- [ABOUT THIS TASK] From the entries below, output the line with "(forall i, P" and each following line up to and including the line with "(* multiplication by", exactly as written.

--------------------------------------------------

Lemma laurentM x y : laurent x -> laurent y -> laurent (x * y).
Proof.
move=> [p [a ->]] [r [b ->]]; exists (p * r), (a + b)%N.
by rewrite mulf_div exprD rmorphM.
Qed.

Lemma laurentD x y : laurent x -> laurent y -> laurent (x + y).
Proof.
move=> [p [a ->]] [r [b ->]]; exists (p * 'X^b + r * 'X^a), (a + b)%N.
by rewrite addf_div ?expf_neq0 ?qv_neq0 // exprD rmorphD !rmorphM !rmorphXn.
Qed.

Lemma qbr_tofrac n : qbr n%:Z = tofrac (qint n).
Proof. by rewrite /qbr /qint -exprnP rmorphB rmorphXn rmorph1. Qed.

Lemma qfact_tofrac n : qfact n = tofrac (qfact_poly n).
Proof.
rewrite /qfact /qbrn /qfact_poly rmorph_prod -(big_mkord xpredT (fun j => qbr (n%:Z - j%:Z))).
rewrite big_nat_rev big_add1; apply: eq_big_nat => i /andP[_ lt_in] /=.
by rewrite add0n subzn ?leq_subr // subKn // qbr_tofrac.
Qed.

Lemma f_tofrac l k : f l k = tofrac (qfact_poly (l - k) * qfact_poly k).
Proof. by rewrite /f !qfact_tofrac rmorphM. Qed.

Lemma qfact_polyS n : qfact_poly n.+1 = qfact_poly n * qint n.+1.
Proof. exact: big_nat_recr. Qed.

Lemma qfact_pascal a b :
  qfact_poly a * qfact_poly b * qint (a + b).+2 =
  'X^(a.+1) * (qfact_poly a * qfact_poly b.+1) + qfact_poly a.+1 * qfact_poly b.
Proof. by rewrite -addSn -addnS !qfact_polyS /qint exprD; ring. Qed.

Section IdealI.
Variable l : nat.

Lemma in_I0 : in_I l 0.
Proof.
exists (fun=> 0); split=> [_|]; first exact: laurent_tofrac 0.
by rewrite big1 // => k _; rewrite mul0r.
Qed.

Lemma in_ID x y : in_I l x -> in_I l y -> in_I l (x + y).
Proof.
move=> [c [Lc ->]] [d [Ld ->]]; exists (fun k => c k + d k); split.
  by move=> k; apply: laurentD.
by rewrite -big_split; apply: eq_bigr => k _; rewrite mulrDl.
Qed.

Lemma in_IM a x : laurent a -> in_I l x -> in_I l (a * x).
Proof.
move=> La [c [Lc ->]]; exists (fun k => a * c k); split.
  by move=> k; apply: laurentM.
by rewrite big_distrr /=; apply: eq_bigr => k _; rewrite mulrA.
Qed.

Lemma in_I_sum (I : Type) (r : seq I) (P : pred I) (F : I -> Fq) :
  (forall i, P i -> in_I l (F i)) -> in_I l (\sum_(i <- r | P i) F i).
Proof. by move=> HF; apply: big_ind => //; [exact: in_I0 | exact: in_ID]. Qed.

Lemma in_I_f k : (k <= l)%N -> in_I l (f l k).
Proof.
move=> kl; exists (fun i => if i == k then 1 else 0); split.
  by move=> i; case: (i == k); [rewrite -tofrac1 | rewrite -tofrac0]; apply: laurent_tofrac.
rewrite (bigD1 (Ordinal (kl : (k < l.+1)%N))) //= eqxx mul1r big1 ?addr0 //.
by move=> i ik; rewrite -val_eqE /= in ik; rewrite (negPf ik) mul0r.
Qed.

End IdealI.

(* multiplication by {l+2}_q maps I_l into I_(l+1), by the q-Pascal recursion *)
Lemma in_I_step l x : in_I l x -> in_I l.+1 (x * tofrac (qint l.+2)).
Proof.
move=> [c [Lc ->]]; rewrite big_distrl /=; apply: in_I_sum => k _.
rewrite -mulrA; apply: in_IM => //.
have kl : (k <= l)%N by rewrite -ltnS.
have -> : f l k * tofrac (qint l.+2) = qv ^+ (l - k).+1 * f l.+1 k.+1 + f l.+1 k.
  rewrite !f_tofrac subSS subSn // -rmorphXn -!rmorphM -rmorphD.
  by rewrite -qfact_pascal subnK.
apply: in_ID; last by apply: in_I_f; rewrite ltnW.
by apply: in_IM; [rewrite -rmorphXn; apply: laurent_tofrac | apply: in_I_f].
Qed.

Definition qfact_omit (l j : nat) : {poly int} := \prod_(1 <= i < l.+2 | i != j) qint i.

Lemma qfact_omit_last l : qfact_omit l l.+1 = qfact_poly l.
Proof.
rewrite /qfact_omit big_mkcond big_nat_recr //= eqxx mulr1.
by apply: eq_big_nat => i /andP[_ il]; rewrite ltn_eqF.
Qed.

Lemma qfact_omitS l j : (j <= l.+1)%N -> qfact_omit l.+1 j = qfact_omit l j * qint l.+2.
Proof.
move=> jl; rewrite /qfact_omit big_mkcond big_nat_recr //= -big_mkcond /=.
by rewrite eq_sym ltn_eqF.
Qed.

Lemma f_l0 l : f l 0 = tofrac (qfact_poly l).
Proof. by rewrite f_tofrac subn0 [qfact_poly 0]big_geq // mulr1. Qed.

Lemma qfact_omit_in_I l j : (1 <= j <= l.+1)%N -> in_I l (tofrac (qfact_omit l j)).
Proof.
elim: l j => [|l IH] j /andP[j0 jl].
  have -> : j = 1%N by apply/anti_leq; rewrite j0 jl.
  by rewrite qfact_omit_last -f_l0; apply: in_I_f.
have [-> | ne_jl] := eqVneq j l.+2; first by rewrite qfact_omit_last -f_l0; apply: in_I_f.
have jl1 : (j <= l.+1)%N by rewrite -ltnS ltn_neqAle ne_jl jl.
by rewrite qfact_omitS // rmorphM; apply/in_I_step/IH; rewrite j0 jl1.
Qed.

Definition Pl_poly (l : nat) : {poly int} := cycprod l.+2 (t l).

Lemma Pl_tofrac l : Pl l = tofrac (Pl_poly l).
Proof.
rewrite /Pl_poly cycprod_recr /t ltnn andbF expr0 mulr1 rmorph_prod.
by apply: eq_bigr => m _; rewrite rmorphXn.
Qed.

Lemma t_le_floor_sum l k m : (k <= l)%N -> (0 < m)%N ->
  (t l m <= (l - k) %/ m + k %/ m)%N.
Proof.
move=> kl m0; rewrite /t; case: ifP => // _.
rewrite leq_subLR -ltnS ltn_divLR // addnC.
have E1 := divn_eq (l - k) m; have E2 := divn_eq k m.
have r1 := ltn_pmod (l - k) m0; have r2 := ltn_pmod k m0.
nia.
Qed.

Lemma Pl_dvd_f l k : (k <= l)%N -> ldvd (Pl l) (f l k).
Proof.
move=> kl; have [lt_kl lt_lkl] : (k < l.+2)%N /\ (l - k < l.+2)%N by lia.
rewrite f_tofrac Pl_tofrac !(@qfact_cycprod l.+2) // cycprodD.
rewrite (@cycprod_split _ _ (t l)) => [|m /andP[m0 _]]; last exact: t_le_floor_sum.
by rewrite rmorphM; eexists; split; [apply: laurent_tofrac | reflexivity].
Qed.

Lemma Pl_mul_nondiv l j : (1 <= j <= l.+1)%N ->
  Pl_poly l * nondiv_cycprod l.+1 j = qfact_omit l j.
Proof.
case/andP=> j0 jl; apply: (mulIf (qint_neq0 j0)).
have -> : qfact_omit l j * qint j = qfact_poly l.+1.
  by rewrite /qfact_poly (bigD1_seq j) ?mem_index_iota ?j0 ?ltnS ?iota_uniq //= mulrC.
rewrite (@qint_cycprod l.+2 j) ?j0 ?ltnS // !cycprodD (@qfact_cycprod l.+2) //.
apply: eq_cycprod => m /andP[m0 ml].
have add_negb_b (b : bool) : (~~ b + b = 1)%N by case: b.
rewrite /t -addnA add_negb_b addn1 m0 /=; case: leqP => [_ | lt_lm].
  by rewrite subn1 prednK // divn_gt0.
have -> : m = l.+1 by apply/anti_leq; rewrite lt_lm -ltnS ml.
by rewrite divnn.
Qed.

(* Pl lies in I_l: write 1 = sum_j c_j (prod of Phi_m, m not dividing j) and multiply by Pl *)
Lemma Pl_in_I l : in_I l (Pl l).
Proof.
have [c Ec] := nondiv_cycprod_unit l.
have -> : Pl l = \sum_(1 <= j < l.+2) tofrac (c j) * tofrac (qfact_omit l j).
  rewrite Pl_tofrac -[Pl_poly l]mulr1 -Ec big_distrr rmorph_sum.
  apply: eq_big_nat => j jl; rewrite -Pl_mul_nondiv // -rmorphM.
  by congr tofrac; rewrite /= mulrCA.
rewrite big_nat_cond; apply: in_I_sum => j /andP[jl _].
by apply: in_IM; [apply: laurent_tofrac | apply: qfact_omit_in_I].
Qed.

Lemma in_I_ldvd l d x :
  (forall k, (k <= l)%N -> ldvd d (f l k)) -> in_I l x -> ldvd d x.
Proof.
move=> dvd_f [c [Lc ->]]; apply: (big_ind (ldvd d)).
- by exists 0; split; [rewrite -tofrac0; apply: laurent_tofrac | rewrite mulr0].
- move=> _ _ [a [La ->]] [b [Lb ->]].
  by exists (a + b); split; [apply: laurentD | rewrite mulrDr].
- move=> k _; have [w [Lw ->]] := dvd_f k (ltn_ord k).
  by exists (c k * w); split; [apply: laurentM | rewrite mulrCA].
Qed.

Lemma Pl_gcd l : is_gcd_f l (Pl l).
Proof.
split; first by rewrite Pl_tofrac; apply: laurent_tofrac.
split; first exact: Pl_dvd_f.
by move=> d _ dvd_f; apply: in_I_ldvd dvd_f (Pl_in_I l).
Qed.

Lemma Pl_neq0 l : Pl l != 0.
Proof. by rewrite Pl_tofrac tofrac_eq0 cycprod_neq0. Qed.

Theorem theorem3p1 (l : nat) :
  (exists g, is_gcd_f l g) /\
  (forall g, is_gcd_f l g ->
     (forall x, laurent x -> (in_I l x <-> ldvd g x)) /\ assoc g (Pl l)).
Proof.
split; first by exists (Pl l); apply: Pl_gcd.
move=> g [Lg [g_dvd_f g_max]]; have [Lp [Pl_dvd _]] := Pl_gcd l.
have [u [Lu E_Pl]] := g_max (Pl l) Lp Pl_dvd.
have [v [Lv E_g]] := in_I_ldvd g_dvd_f (Pl_in_I l).
have g_in_I : in_I l g by rewrite E_Pl mulrC; apply: in_IM => //; apply: Pl_in_I.
split.
  move=> x _; split; first exact: in_I_ldvd.
  by move=> [c [Lc ->]]; rewrite mulrC; apply: in_IM.
exists u, v; split => //; last by rewrite E_Pl mulrC.
by apply: (mulfI (Pl_neq0 l)); rewrite mulr1 mulrA -E_Pl -E_g.
Qed.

--------------------------------------------------

- [RESULT]
  (forall i, P i -> in_I l (F i)) -> in_I l (\sum_(i <- r | P i) F i).
Proof. by move=> HF; apply: big_ind => //; [exact: in_I0 | exact: in_ID]. Qed.

Lemma in_I_f k : (k <= l)%N -> in_I l (f l k).
Proof.
move=> kl; exists (fun i => if i == k then 1 else 0); split.
  by move=> i; case: (i == k); [rewrite -tofrac1 | rewrite -tofrac0]; apply: laurent_tofrac.
rewrite (bigD1 (Ordinal (kl : (k < l.+1)%N))) //= eqxx mul1r big1 ?addr0 //.
by move=> i ik; rewrite -val_eqE /= in ik; rewrite (negPf ik) mul0r.
Qed.

End IdealI.

(* multiplication by {l+2}_q maps I_l into I_(l+1), by the q-Pascal recursion *)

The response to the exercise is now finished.